Contrary to popular belief, politicians do not steal only because it affords them the good life that everybody aspires for. Most steal because money plays a crucial role in influencing power equations and exercising choices both within and outside Parliament House, especially during elections.
We should, therefore, think of ways and means to strike at the root of the problem. I have often argued that the best way to avoid political corruption, or at least to put a leash on it, is to do away with our present system of elections. If we were to switchover to the proportionate representations system then the need for massive political funding would automatically decline.
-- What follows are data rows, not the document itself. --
Definition matching_into (T : {set I}) (R : {set J}) (f : I -> J) : Prop :=
  (forall i, i \in T -> (f i \in R) && e (f i) i) /\ {in T &, injective f}.

Lemma nbhd_in_sub R U : nbhd_in R U \subset R.
Proof. by apply/subsetP => j; rewrite inE => /andP[]. Qed.

Lemma eq_matching_into T R f g : f =1 g -> matching_into T R g -> matching_into T R f.
Proof.
by move=> fg [gT injg]; split=> [i | x y xT yT]; rewrite !fg; [apply: gT | apply: injg].
Qed.

Lemma matching_into_nbhd T R f : matching_into T R f -> matching_into T (nbhd_in R T) f.
Proof.
case=> fT injf; split=> // i iT; have /andP[fiR efi] := fT i iT.
by rewrite inE fiR efi andbT; apply/existsP; exists i; rewrite iT.
Qed.

Lemma matching_glue T (R R0 : {set J}) U0 f1 f2 : R0 \subset R ->
  matching_into U0 R0 f1 -> matching_into (T :\: U0) (R :\: R0) f2 ->
  matching_into T R (fun i => if i \in U0 then f1 i else f2 i).
Proof.
move=> sR0R [f1U0 inj1] [f2T inj2].
have f1R0 i : i \in U0 -> f1 i \in R0 by move/f1U0 => /andP[].
have f2R0 i : i \in T -> i \notin U0 -> f2 i \notin R0.
  by move=> iT iU0; have := f2T i; rewrite !inE iU0 iT => /(_ isT) /andP[/andP[]].
split=> [i iT | x y xT yT /=].
  case: ifP => iU0; first by have /andP[/(subsetP sR0R) -> ->] := f1U0 i iU0.
  by have := f2T i; rewrite !inE iU0 iT => /(_ isT) /andP[/andP[_ ->] ->].
case: ifP => xU0; case: ifP => yU0.
- exact: inj1.
- by move=> E; have := f2R0 y yT; rewrite yU0 -E f1R0 // => /(_ isT).
- by move=> E; have := f2R0 x xT; rewrite xU0 E f1R0 // => /(_ isT).
- by apply: inj2; rewrite inE ?xU0 ?yU0.
Qed.

Lemma hall_cond_tight T R (U0 : {set I}) : hall_cond T R -> U0 \subset T ->
  #|nbhd_in R U0| <= #|U0| -> hall_cond (T :\: U0) (R :\: nbhd_in R U0).
Proof.
move=> hall sU0T tight U; rewrite subsetD => /andP[sUT disj].
have := hall (U :|: U0); rewrite subUset sUT sU0T => /(_ isT).
rewrite cardsU (disjoint_setI0 disj) cards0 subn0.
have sub : nbhd_in R (U :|: U0) \subset nbhd_in (R :\: nbhd_in R U0) U :|: nbhd_in R U0.
  apply/subsetP => j; rewrite !inE => /andP[jR /existsP[i /andP[]]].
  rewrite inE => /orP[iU eji | iU0 eji]; last first.
    by rewrite jR /= orbC; apply/orP; left; apply/existsP; exists i; rewrite iU0.
  rewrite jR /= andbT; case: existsP => //= _; rewrite orbF.
  by apply/existsP; exists i; rewrite iU.
have := subset_leq_card sub; rewrite cardsU; lia.
Qed.

Lemma hall_cond_slack T R i0 j : hall_cond T R -> i0 \in T ->
  (forall U, U != set0 -> U \proper T -> #|U| < #|nbhd_in R U|) ->
  hall_cond (T :\ i0) (R :\ j).
Proof.
move=> hall Ti0 slack U sU.
have [-> | Un0] := eqVneq U set0; first by rewrite cards0.
have pU : U \proper T.
  apply/properP; split; first exact: subset_trans sU (subsetDl _ _).
  by exists i0 => //; apply/negP => /(subsetP sU); rewrite !inE eqxx.
have sub : nbhd_in R U \subset j |: nbhd_in (R :\ j) U.
  by apply/subsetP => x; rewrite !inE => /andP[-> ->]; rewrite !andbT orbN.
have := slack U Un0 pU; have := subset_leq_card sub; rewrite cardsU1; lia.
Qed.

Variable j0 : J.

Theorem hall_matching T R : hall_cond T R -> exists f, matching_into T R f.
Proof.
move: {2}#|T|.+1 (ltnSn #|T|) => N; elim: N T R => // N IH T R ltTN hall.
have [-> | [i0 Ti0]] := set_0Vmem T.
  by exists (fun=> j0); split=> // i; rewrite inE.
have hallS (U : {set I}) : U \subset T -> hall_cond U R.
  by move=> sUT V sVU; apply: hall; apply: subset_trans sUT.
case: (boolP [exists U : {set I}, [&& U != set0, U \proper T & #|nbhd_in R U| <= #|U|]]).
  case/existsP => U0 /and3P[U0n0 pU0T tight]; have sU0T := proper_sub pU0T.
  have [f1 m1] : exists f, matching_into U0 R f.
    by apply: IH (hallS _ sU0T); have := proper_card pU0T; lia.
  have [f2 m2] : exists f, matching_into (T :\: U0) (R :\: nbhd_in R U0) f.
    apply: IH (hall_cond_tight hall sU0T tight).
    rewrite cardsD (setIidPr sU0T); have := proper_card pU0T; move: U0n0; rewrite -card_gt0; lia.
  by eexists; apply: matching_glue (nbhd_in_sub _ _) (matching_into_nbhd m1) m2.
move=> noTight.
have slack (U : {set I}) : U != set0 -> U \proper T -> #|U| < #|nbhd_in R U|.
  move=> Un0 pUT; rewrite ltnNge; apply/negP => le.
  by case/negP: noTight; apply/existsP; exists U; rewrite Un0 pUT le.
have := hall [set i0]; rewrite sub1set Ti0 cards1 card_gt0 => /(_ isT) /set0Pn[j].
rewrite inE => /andP[jR /existsP[i /andP[]]]; rewrite inE => /eqP-> eji0.
have [f' m'] : exists f, matching_into (T :\: [set i0]) (R :\: [set j]) f.
  by apply: IH (hall_cond_slack j hall Ti0 slack); rewrite (cardsD1 i0 T) Ti0 in ltTN.
have m0 : matching_into [set i0] [set j] (fun=> j).
  by split=> [i1 /set1P-> | x y /set1P-> /set1P->]; rewrite ?inE ?eqxx.
by eexists; apply: matching_glue m0 m'; rewrite sub1set.
Qed.

End HallMarriage.

Lemma bit_sum_lt N (a : nat -> bool) : \sum_(c < N) a c * 2 ^ c < 2 ^ N.
Proof.
elim: N => [|N IH]; first by rewrite big_ord0.
rewrite big_ord_recr /= expnS.
have : a N * 2 ^ N <= 2 ^ N by case: (a N); rewrite ?mul1n ?mul0n.
move: IH; move: (\sum_(c < N) _) (a N * 2 ^ N) (2 ^ N) => x y z; lia.
Qed.

Lemma bit_sum_inj N (a b : nat -> bool) :
  \sum_(c < N) a c * 2 ^ c = \sum_(c < N) b c * 2 ^ c -> {in gtn N, a =1 b}.
Proof.
elim: N => [//|N IH]; rewrite !big_ord_recr /= => E.
have abN : a N = b N.
  move: E (bit_sum_lt N a) (bit_sum_lt N b); case: (a N); case: (b N) => //=;
  by rewrite mul1n mul0n; move: (\sum_(c < N) _) (\sum_(c < N) _) (2 ^ N) => x y z; lia.
move=> c; rewrite unfold_in /= ltnS leq_eqVlt => /predU1P[-> // | ltcN].
by apply: IH ltcN; move: E; rewrite abN => /addIn.
Qed.

Lemma sum_pow2_set_inj N (A B : {set 'I_N}) :
  \sum_(c in A) 2 ^ c = \sum_(c in B) 2 ^ c -> A = B.
Proof.
pose bits (S : {set 'I_N}) c := c \in [seq val x | x <- enum S].
have sumE (S : {set 'I_N}) : \sum_(c in S) 2 ^ c = \sum_(c < N) bits S c * 2 ^ c.
  rewrite big_mkcond; apply: eq_bigr => c _.
  by rewrite /bits (mem_map val_inj) mem_enum; case: (c \in S); rewrite ?mul1n ?mul0n.
rewrite !sumE => /bit_sum_inj eqAB; apply/setP => c.
by have := eqAB c (ltn_ord c); rewrite /bits !(mem_map val_inj) !mem_enum.
Qed.

Section Expansion.
Variables (m n k J : nat) (adj : 'I_m -> 'I_n -> bool) (loc : {set 'I_m}).
Hypothesis private_vn : forall c, c \in loc ->
  exists v, adj c v && [forall c' in loc, (c' != c) ==> ~~ adj c' v].
Hypothesis global_full : forall c, c \notin loc -> forall v, adj c v.
Implicit Types S : {set 'I_m}.
Hypothesis expansion_J : forall S, S \subset loc -> #|S| = J -> #|S| + k <= #|nbhd adj S|.

Lemma nbhd_setD1_proper S c : S \subset loc -> c \in S -> nbhd adj (S :\ c) \proper nbhd adj S.
Proof.
move=> sSloc cS; have [v /andP[acv /forall_inP priv]] := private_vn (subsetP sSloc c cS).
apply/properP; split.
  apply/subsetP => x; rewrite !inE => /exists_inP[c' /setD1P[_ c'S] ac'x].
  by apply/exists_inP; exists c'.
exists v; first by rewrite inE; apply/exists_inP; exists c.
rewrite inE; apply/exists_inP => -[c' /setD1P[c'c c'S]].
by apply/negP; apply: (implyP (priv c' (subsetP sSloc c' c'S))).
Qed.

Lemma local_expansion S : S \subset loc -> J <= #|S| -> #|S| + k <= #|nbhd adj S|.
Proof.
move=> sSloc /subnK; move: (#|S| - J) => s; elim: s S sSloc => [|s IH] S sSloc cardS.
  exact: expansion_J.
have [c cS] : exists c, c \in S by apply/set0Pn; rewrite -card_gt0 -cardS addSn.
have := IH (S :\ c) (subset_trans (subsetDl _ _) sSloc).
have := proper_card (nbhd_setD1_proper sSloc cS).
have := cardsD1 c S; rewrite cS -cardS; lia.
Qed.

Lemma expansion S : J <= #|S| -> #|S| + k <= n -> #|S| + k <= #|nbhd adj S|.
Proof.
move=> JS Skn; have [sSloc | /subsetPn[c cS cloc]] := boolP (S \subset loc).
  exact: local_expansion.
suff -> : nbhd adj S = setT by rewrite cardsT card_ord.
by apply/setP => v; rewrite !inE; apply/exists_inP; exists c => //; apply: global_full.
Qed.

End Expansion.

Local Open Scope ring_scope.

Lemma prod_if_expr (R : comPzSemiRingType) (I : finType) (a : pred I) (g : I -> nat) (x : R) :
  \prod_i (if a i then x ^+ g i else 0) = if [forall i, a i] then x ^+ (\sum_i g i)%N else 0.
Proof.
case: (boolP [forall i, a i]) => [/forallP allA | /forallPn[i /negbTE ai]].
  by rewrite -prodrXr; apply: eq_bigr => i _; rewrite allA.
by rewrite (bigD1 i) //= ai mul0r.
Qed.

Lemma exists_nonroot (F : finFieldType) (p : {poly F}) :
  p != 0 -> (size p <= #|F|)%N -> exists t, ~~ root p t.
Proof.
move=> p0 sp; apply/existsP; apply: contraLR sp => /existsPn allroot.
rewrite -ltnNge cardE; apply: max_poly_roots p0 _ (enum_uniq _).
by apply/allP => t _; apply/negPn; apply: allroot.
Qed.

Section GenericMatrix.
Variables (F : fieldType) (m n : nat) (adj : 'I_m -> 'I_n -> bool).
Implicit Types (t : F) (T : {set 'I_n}) (f : 'I_n -> 'I_m) (s : 'S_n).

Definition edge_exp (j : 'I_m) (i : 'I_n) : nat := 2 ^ enum_rank (j, i).

Definition generic_mx t : 'M[F]_(m, n) :=
  \matrix_(j, i) if adj j i then t ^+ edge_exp j i else 0.

Lemma generic_mx_tanner t : t != 0 -> has_tanner_graph (generic_mx t) adj.
Proof. by move=> t0 j i; rewrite mxE; case: (adj j i); rewrite ?expf_neq0 ?eqxx. Qed.

Definition matched_mx t T f : 'M[F]_n :=
  \matrix_(i, i') if (i \in T) && (i' \in T) then generic_mx t (f i) i' else (i == i')%:R.

Definition edge_perm T f s : bool :=
  [forall i, if i \in T then (s i \in T) && adj (f i) (s i) else s i == i].

Definition perm_exp T f s : nat := \sum_(i in T) edge_exp (f i) (s i).

Definition matched_poly T f : {poly F} :=
  \sum_(s | edge_perm T f s) (-1) ^+ s *: 'X^(perm_exp T f s).

Lemma det_matched_mx t T f : \det (matched_mx t T f) = (matched_poly T f).[t].
Proof.
rewrite /determinant /matched_poly horner_sum [RHS]big_mkcond /=.
apply: eq_bigr => s _; rewrite hornerZ hornerXn.
have -> : \prod_i matched_mx t T f i (s i) =
  \prod_i (if (if i \in T then (s i \in T) && adj (f i) (s i) else s i == i)
           then t ^+ (if i \in T then edge_exp (f i) (s i) else 0) else 0).
  apply: eq_bigr => i _; rewrite !mxE.
  case iT: (i \in T) => /=; last by rewrite eq_sym; case: eqP.
  by case siT: (s i \in T) => //=; case: eqP => // sii; rewrite -sii iT in siT.
by rewrite prod_if_expr -big_mkcond /edge_perm /perm_exp; case: forallP; rewrite ?mulr0.
Qed.

Lemma coef_matched_poly T f j :
  (matched_poly T f)`_j = \sum_(s | edge_perm T f s) (-1) ^+ s * (j == perm_exp T f s)%:R.
Proof. by rewrite coef_sum; apply: eq_bigr => s _; rewrite coefZ coefXn. Qed.
Lemma stable_step_le {R : realFieldType} (D0 D lam : R) :
  0 < D0 -> `|1 - D0 * lam| < 1 -> 0 < D <= D0 -> `|1 - D * lam| < 1.
Proof.
rewrite !ltr_norml => D0_gt0 /andP[lo hi] /andP[D_gt0 D_le].
have lam_gt0 : 0 < lam by rewrite -(pmulr_rgt0 _ D0_gt0); lra.
have : D * lam <= D0 * lam by rewrite ler_wpM2r // ltW.
have : 0 < D * lam by rewrite mulr_gt0.
by move=> *; apply/andP; split; lra.
Qed.

Lemma add_mul_min_div_lt1 {R : realFieldType} (D0 S F g : R) :
  S < 1 -> 0 < F -> 1 < g -> S + F * Num.min D0 ((1 - S) / (g * F)) < 1.
Proof.
move=> S_lt1 F_gt0 g_gt1; have g_gt0 := lt_trans ltr01 g_gt1.
have : F * Num.min D0 ((1 - S) / (g * F)) <= (1 - S) / g.
  apply: le_trans (_ : F * ((1 - S) / (g * F)) <= _).
    by rewrite ler_pM2l // ge_min lexx orbT.
  by rewrite invfM [_^-1 * F^-1]mulrC mulrCA mulVKf ?gt_eqF.
have : (1 - S) / g < 1 - S by rewrite ltr_pdivrMr // ltr_pMr // subr_gt0.
lra.
Qed.

Section DoSSequence.
Context {R : realType} {m : option nat} {h tau : nat -> R}.
Hypothesis HD : DoS_seq m h tau.

Local Notation dom := (indom m).
Local Notation e n := (h n + tau n).

Lemma indom_le {n k} : dom n -> (1 <= k <= n)%N -> dom k.
Proof.
rewrite /indom; case: m => [j|] /andP[_ nj] /andP[-> kn] //=.
exact: leq_trans kn nj.
Qed.

Lemma indom_ge1 {n} : dom n -> (1 <= n)%N.
Proof. by case/andP. Qed.

Lemma h_le_end {n} : dom n -> h n <= e n.
Proof. by case: HD => _ [tau_ge0 _] /tau_ge0; rewrite lerDl. Qed.

Lemma end_lt_h {i j} : dom j -> (1 <= i)%N -> (i < j)%N -> e i < h j.
Proof.
case: HD => _ [_ gapS].
elim: j => [//|j IH] dj i_ge1 ij.
have dj' : dom j by apply: (indom_le dj); rewrite (leq_trans i_ge1) //= -ltnS.
have hjS := gapS j dj' dj.
rewrite ltnS leq_eqVlt in ij; case/orP: ij => [/eqP -> //|ij].
apply: lt_trans (IH dj' i_ge1 ij) _.
exact: le_lt_trans (h_le_end dj') hjS.
Qed.

Lemma h_lt {i j} : dom j -> (1 <= i)%N -> (i < j)%N -> h i < h j.
Proof.
move=> dj i_ge1 ij; apply: le_lt_trans (end_lt_h dj i_ge1 ij).
by apply: h_le_end; apply: (indom_le dj); rewrite i_ge1 ltnW.
Qed.

Lemma h_le {i j} : dom j -> (1 <= i <= j)%N -> h i <= h j.
Proof.
move=> dj /andP[i_ge1]; rewrite leq_eqVlt => /orP[/eqP -> //|ij].
exact/ltW/h_lt.
Qed.

Lemma end_le {i j} : dom j -> (1 <= i <= j)%N -> e i <= e j.
Proof.
move=> dj /andP[i_ge1]; rewrite leq_eqVlt => /orP[/eqP -> //|ij].
exact/ltW/(lt_le_trans (end_lt_h dj i_ge1 ij))/h_le_end.
Qed.

Lemma h_ge0 {n} : dom n -> 0 <= h n.
Proof.
move=> dn; case: HD => h1_ge0 _.
have n_ge1 := indom_ge1 dn.
apply: le_trans (h1_ge0 (indom_le dn _)) (h_le dn _); by rewrite leqnn n_ge1.
Qed.

Lemma h_gt0 {n} : dom n -> (2 <= n)%N -> 0 < h n.
Proof.
move=> dn n_ge2; have d1 : dom 1 by apply: (indom_le dn); rewrite (leq_trans _ n_ge2).
exact: le_lt_trans (h_ge0 d1) (h_lt dn _ n_ge2).
Qed.

Lemma end_ge0 {n} : dom n -> 0 <= e n.
Proof. by move=> dn; apply: le_trans (h_ge0 dn) (h_le_end dn). Qed.

Lemma h_inj {i j} : dom i -> dom j -> h i = h j -> i = j.
Proof.
move=> di dj hij; case: (ltngtP i j) => // ij.
  by have := h_lt dj (indom_ge1 di) ij; rewrite hij ltxx.
by have := h_lt di (indom_ge1 dj) ij; rewrite hij ltxx.
Qed.

Lemma index_le_of_end_le {I n s} : dom I -> e I <= s ->
  (s%:E < endE m h tau n.+1)%E -> (I <= n)%N.
Proof.
move=> dI eIs; rewrite leqNgt; apply: contraTN => nI.
have dnS : dom n.+1 by apply: (indom_le dI); rewrite nI.
rewrite /endE dnS lte_fin -leNgt.
by apply: le_trans eIs; apply: end_le dI _; rewrite nI.
Qed.

Lemma nxiE s :
  nxi m h 0 s = \esum_(n in [set n | dom n /\ h n <= s]) (1%E : \bar R).
Proof.
rewrite /nxi; have -> : [set h n | n in [set n | dom n]] `&` [set x | 0 <= x <= s] =
    h @` [set n | dom n /\ h n <= s].
  apply/seteqP; split => x.
    by move=> [[n dn <-] /andP[_ hns]]; exists n.
  move=> [n [dn hns] <-]; split; first by exists n.
  by rewrite /= h_ge0.
rewrite esum_image // => i j; rewrite !inE => -[di _] [dj _]; exact: h_inj.
Qed.

Lemma index_le_nxi {n} : dom n -> (n%:R%:E <= nxi m h 0 (h n))%E.
Proof.
move=> dn; rewrite nxiE; apply: esum_one_ge_card => k /andP[k_ge1 kn].
by split; [apply: (indom_le dn) | apply: (h_le dn)]; rewrite k_ge1.
Qed.

Lemma freqBound_index_le {B} : freqBound m h B ->
  exists2 G0 : R, 0 <= G0 & forall n, dom n -> n%:R <= G0 + B * h n.
Proof.
move=> [_ [Lam [_ HLam]]]; exists Lam%:R => // n dn.
by have := le_trans (index_le_nxi dn) (HLam _ (h_ge0 dn)); rewrite lee_fin.
Qed.

Lemma freqBound_of_index_le {ell F} : 0 <= F ->
  (forall i, dom i -> (ell <= i)%N -> i%:R <= F * h i) -> freqBound m h F.
Proof.
move=> F_ge0 HF; split => //; exists ell.+1; split => // s s_ge0.
have Fs_ge0 : 0 <= F * s by rewrite mulr_ge0.
rewrite nxiE; apply: le_trans (@esum_one_le_card R _ (ell + Num.truncn (F * s)).+1 _) _.
  move=> n [dn hns] /=; case: (ltnP n ell) => [nl|ln].
    by rewrite ltnS (leq_trans (ltnW nl)) ?leq_addr.
  have : n%:R <= F * s by apply: le_trans (HF _ dn ln) _; rewrite ler_wpM2l.
  by rewrite -truncn_ge_nat // => ?; rewrite ltnS (leq_trans _ (leq_addl _ _)).
rewrite lee_fin -addSn natrD lerD2l.
by have := truncn_le (F * s); rewrite Fs_ge0.
Qed.

Lemma Xi_measurable a s : measurable (Xi m h tau a s).
Proof.
apply: measurableI; last first.
  have -> : [set x | a <= x <= s] = `[a, s]%classic.
    by apply/seteqP; split => x /=; rewrite in_itv.
  exact: measurable_itv.
have -> : [set x | exists n, dom n /\ Hset h tau n x] =
    \bigcup_(n in [set n | dom n]) Hset h tau n.
  by apply/seteqP; split => x [n]; [case; exists n | exists n].
apply: bigcup_measurable => n _; apply: measurableU; first exact: measurable_set1.
have -> : [set x | h n <= x < h n + tau n] = `[h n, h n + tau n[%classic.
  by apply/seteqP; split => x /=; rewrite in_itv.
exact: measurable_itv.
Qed.

Lemma muXi_le {s} : 0 <= s -> (muXi m h tau 0 s <= s%:E)%E.
Proof.
move=> s_ge0; have := @lebesgue_measure_le_itv _ _ 0 s (Xi_measurable 0 s).
rewrite subr0; apply => //.
by move=> x [_ /andP[x_ge0 xs]]; rewrite /= in_itv /= x_ge0.
Qed.

Lemma muXi_fineE {s} : 0 <= s -> muXi m h tau 0 s = (fine (muXi m h tau 0 s))%:E.
Proof.
move=> s_ge0; apply/esym/fineK; rewrite ge0_fin_numE ?measure_ge0 //.
exact: le_lt_trans (muXi_le s_ge0) (ltry s).
Qed.

Lemma muXi_subset {s s'} : Xi m h tau 0 s `<=` Xi m h tau 0 s' ->
  (muXi m h tau 0 s <= muXi m h tau 0 s')%E.
Proof. by move=> sub; apply: le_measure => //; rewrite inE; exact: Xi_measurable. Qed.

Lemma Hset_itv {n x} : dom n -> Hset h tau n x -> h n <= x <= e n.
Proof.
move=> dn [-> | /andP[hx xe]]; first by rewrite lexx h_le_end.
by rewrite hx ltW.
Qed.

Lemma muXi_end_le {i} : dom i -> (2 <= i)%N ->
  (muXi m h tau 0 (e i) <= (e i - (h 2 - e 1))%:E)%E.
Proof.
move=> di i_ge2.
have d1 : dom 1 by apply: (indom_le di); rewrite (leq_trans _ i_ge2).
have d2 : dom 2 by apply: (indom_le di); rewrite i_ge2.
have h2_le : h 2 <= e i by apply: le_trans (h_le_end di); apply: (h_le di); rewrite i_ge2.
have sub : Xi m h tau 0 (e i) `<=` `[0, e 1]%classic `|` `[h 2, e i]%classic.
  move=> x [[n [dn Hx]] /andP[x_ge0 xe]]; have /andP[hx xen] := Hset_itv dn Hx.
  case: (ltnP 1 n) => n1.
    right; rewrite /= in_itv /= xe andbT; apply: le_trans hx.
    by apply: (h_le dn); rewrite n1.
  have n_eq1 : n = 1%N by apply/eqP; rewrite eqn_leq n1 (indom_ge1 dn).
  by left; rewrite /= in_itv /= x_ge0 -n_eq1.
have le_union : (muXi m h tau 0 (e i) <=
    lebesgue_measure (`[0%R, e 1]%classic `|` `[h 2, e i]%classic))%E.
  apply: le_measure => //; rewrite inE; first exact: Xi_measurable.
  by apply: measurableU; exact: measurable_itv.
apply: le_trans le_union _.
apply: le_trans (measureU2 lebesgue_measure (measurable_itv `[0%R, e 1])
  (measurable_itv `[h 2, e i])) _.
rewrite /= !lebesgue_measure_itv_cc ?end_ge0 // -EFinD lee_fin; lra.
Qed.

Lemma muXi_add_tail {j s} : dom j -> h j <= s -> s < e j ->
  (muXi m h tau 0 s + (e j - s)%:E <= muXi m h tau 0 (e j))%E.
Proof.
move=> dj hjs sej.
have disj : Xi m h tau 0 s `&` `]s, e j[%classic = set0.
  apply/seteqP; split => x // [[_ /andP[_ xs]]]; rewrite /= in_itv /= => /andP[sx _].
  by have := lt_le_trans sx xs; rewrite ltxx.
have sub : Xi m h tau 0 s `|` `]s, e j[%classic `<=` Xi m h tau 0 (e j).
  move=> x [[Hx /andP[x_ge0 xs]]|]; first by split; rewrite //= x_ge0 (le_trans xs) ?ltW.
  rewrite /= in_itv /= => /andP[sx xe]; have hjx := le_lt_trans hjs sx.
  split; first by exists j; split => //; right; rewrite /= ltW.
  by rewrite /= (ltW xe) andbT (le_trans (h_ge0 dj)) ?ltW.
rewrite -lebesgue_measure_itv_oo // /muXi -measureU //; last exact: Xi_measurable.
apply: le_measure => //; rewrite inE; last exact: Xi_measurable.
by apply: measurableU; [exact: Xi_measurable | exact: measurable_itv].
Qed.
Or we could raise the limit on election spending and make it more realistic while insisting on transparent political funding. It is absurd to have a limit of Rs 40 lakh on election expenditure for a Lok Sabha constituency and Rs 16 lakh for an Assembly constituency. The real cost of contesting elections is many times higher than the Election Commission mandated limit, and that expenditure is met with money acquired through corrupt means. Since it does not have to be accounted for, there is no need to account for its source or sources either.
When the bedrock of democracy is weakened in so grotesque a manner, it’s silly to worry about debates in Parliament. I’d much rather rage about the former.